─── Record set ───

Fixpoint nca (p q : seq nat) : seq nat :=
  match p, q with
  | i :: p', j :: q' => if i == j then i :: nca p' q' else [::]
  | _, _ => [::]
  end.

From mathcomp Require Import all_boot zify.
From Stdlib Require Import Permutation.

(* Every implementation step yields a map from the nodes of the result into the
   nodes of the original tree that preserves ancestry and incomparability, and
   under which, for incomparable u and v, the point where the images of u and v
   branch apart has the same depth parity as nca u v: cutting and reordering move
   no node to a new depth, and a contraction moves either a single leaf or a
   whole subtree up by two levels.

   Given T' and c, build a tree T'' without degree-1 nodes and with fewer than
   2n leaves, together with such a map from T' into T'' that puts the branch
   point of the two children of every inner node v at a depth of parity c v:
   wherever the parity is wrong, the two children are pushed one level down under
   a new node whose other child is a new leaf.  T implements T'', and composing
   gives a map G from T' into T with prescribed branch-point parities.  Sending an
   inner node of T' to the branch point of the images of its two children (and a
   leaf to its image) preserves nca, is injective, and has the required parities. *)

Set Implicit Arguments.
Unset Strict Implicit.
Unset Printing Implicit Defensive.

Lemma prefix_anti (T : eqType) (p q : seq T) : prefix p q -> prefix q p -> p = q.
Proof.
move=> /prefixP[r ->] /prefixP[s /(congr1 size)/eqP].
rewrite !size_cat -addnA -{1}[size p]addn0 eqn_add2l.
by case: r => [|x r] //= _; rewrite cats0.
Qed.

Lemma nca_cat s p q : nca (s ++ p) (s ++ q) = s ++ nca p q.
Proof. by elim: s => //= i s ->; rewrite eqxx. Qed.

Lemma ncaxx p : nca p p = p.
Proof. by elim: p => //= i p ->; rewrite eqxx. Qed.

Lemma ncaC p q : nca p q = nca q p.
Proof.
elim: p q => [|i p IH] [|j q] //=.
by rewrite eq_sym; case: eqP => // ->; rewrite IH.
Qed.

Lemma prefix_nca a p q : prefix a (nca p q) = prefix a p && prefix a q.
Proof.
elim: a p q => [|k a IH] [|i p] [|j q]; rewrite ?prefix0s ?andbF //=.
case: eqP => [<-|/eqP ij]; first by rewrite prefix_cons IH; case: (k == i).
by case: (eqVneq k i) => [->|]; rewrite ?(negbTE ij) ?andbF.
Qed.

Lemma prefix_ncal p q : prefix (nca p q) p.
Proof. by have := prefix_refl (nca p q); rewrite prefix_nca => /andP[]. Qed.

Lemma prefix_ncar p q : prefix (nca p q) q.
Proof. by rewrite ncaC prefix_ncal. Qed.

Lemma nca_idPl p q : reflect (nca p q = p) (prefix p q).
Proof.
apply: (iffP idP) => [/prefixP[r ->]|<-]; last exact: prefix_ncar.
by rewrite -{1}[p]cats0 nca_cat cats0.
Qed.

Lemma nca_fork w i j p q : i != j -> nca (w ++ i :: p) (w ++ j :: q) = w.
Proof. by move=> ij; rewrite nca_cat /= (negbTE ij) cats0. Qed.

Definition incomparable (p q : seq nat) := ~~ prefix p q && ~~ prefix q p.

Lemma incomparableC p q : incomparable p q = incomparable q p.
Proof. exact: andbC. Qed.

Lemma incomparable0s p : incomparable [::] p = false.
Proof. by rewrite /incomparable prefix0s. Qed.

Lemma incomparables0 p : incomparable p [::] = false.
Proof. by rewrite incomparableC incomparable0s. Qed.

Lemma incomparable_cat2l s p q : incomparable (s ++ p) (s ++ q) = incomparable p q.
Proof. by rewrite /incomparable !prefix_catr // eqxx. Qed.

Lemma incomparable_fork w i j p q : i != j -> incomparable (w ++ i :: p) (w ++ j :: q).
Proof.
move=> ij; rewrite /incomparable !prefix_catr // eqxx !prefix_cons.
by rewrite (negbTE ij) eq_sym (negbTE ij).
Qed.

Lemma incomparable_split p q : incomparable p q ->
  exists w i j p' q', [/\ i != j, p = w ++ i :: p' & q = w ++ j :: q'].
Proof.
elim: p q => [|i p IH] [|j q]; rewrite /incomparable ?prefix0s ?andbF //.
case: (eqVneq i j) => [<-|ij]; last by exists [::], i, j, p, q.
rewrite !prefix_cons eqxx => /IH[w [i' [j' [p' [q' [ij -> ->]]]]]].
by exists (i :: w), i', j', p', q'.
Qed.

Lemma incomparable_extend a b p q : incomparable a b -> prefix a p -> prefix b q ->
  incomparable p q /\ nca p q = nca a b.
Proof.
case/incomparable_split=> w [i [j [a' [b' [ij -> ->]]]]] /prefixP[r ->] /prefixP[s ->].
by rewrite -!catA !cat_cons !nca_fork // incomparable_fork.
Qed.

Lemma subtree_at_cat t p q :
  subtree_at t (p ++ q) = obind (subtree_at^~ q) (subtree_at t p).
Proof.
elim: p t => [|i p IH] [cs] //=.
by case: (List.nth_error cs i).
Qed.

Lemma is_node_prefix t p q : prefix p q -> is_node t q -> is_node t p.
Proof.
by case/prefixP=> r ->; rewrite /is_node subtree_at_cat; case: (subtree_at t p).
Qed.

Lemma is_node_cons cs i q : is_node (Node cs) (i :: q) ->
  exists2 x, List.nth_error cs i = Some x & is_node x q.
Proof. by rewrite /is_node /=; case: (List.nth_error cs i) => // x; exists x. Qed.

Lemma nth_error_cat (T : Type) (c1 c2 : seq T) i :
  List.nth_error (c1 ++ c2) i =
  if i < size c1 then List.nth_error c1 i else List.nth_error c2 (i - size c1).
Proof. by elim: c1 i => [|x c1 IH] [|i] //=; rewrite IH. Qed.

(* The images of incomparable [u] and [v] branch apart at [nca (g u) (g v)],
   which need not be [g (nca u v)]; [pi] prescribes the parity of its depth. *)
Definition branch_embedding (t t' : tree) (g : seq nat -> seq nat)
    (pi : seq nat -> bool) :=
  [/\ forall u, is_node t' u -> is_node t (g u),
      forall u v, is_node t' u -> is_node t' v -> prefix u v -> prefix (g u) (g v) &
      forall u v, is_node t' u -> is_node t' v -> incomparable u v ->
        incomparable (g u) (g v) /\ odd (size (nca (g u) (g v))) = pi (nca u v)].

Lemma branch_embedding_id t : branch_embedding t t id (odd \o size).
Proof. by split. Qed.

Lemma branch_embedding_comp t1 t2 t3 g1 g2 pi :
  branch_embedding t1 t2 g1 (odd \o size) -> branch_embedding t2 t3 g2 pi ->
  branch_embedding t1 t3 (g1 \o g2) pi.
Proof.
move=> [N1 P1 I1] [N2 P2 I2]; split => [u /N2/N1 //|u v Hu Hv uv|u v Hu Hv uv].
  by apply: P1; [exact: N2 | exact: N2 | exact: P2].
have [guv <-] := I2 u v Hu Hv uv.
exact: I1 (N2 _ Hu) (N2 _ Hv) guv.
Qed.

───

### Problem to solve
Transcribe the material exactly, stopping after the "From Stdlib Require Import Permutation." line.

### Worked solution
Fixpoint nca (p q : seq nat) : seq nat :=
  match p, q with
  | i :: p', j :: q' => if i == j then i :: nca p' q' else [::]
  | _, _ => [::]
  end.

From mathcomp Require Import all_boot zify.
From Stdlib Require Import Permutation.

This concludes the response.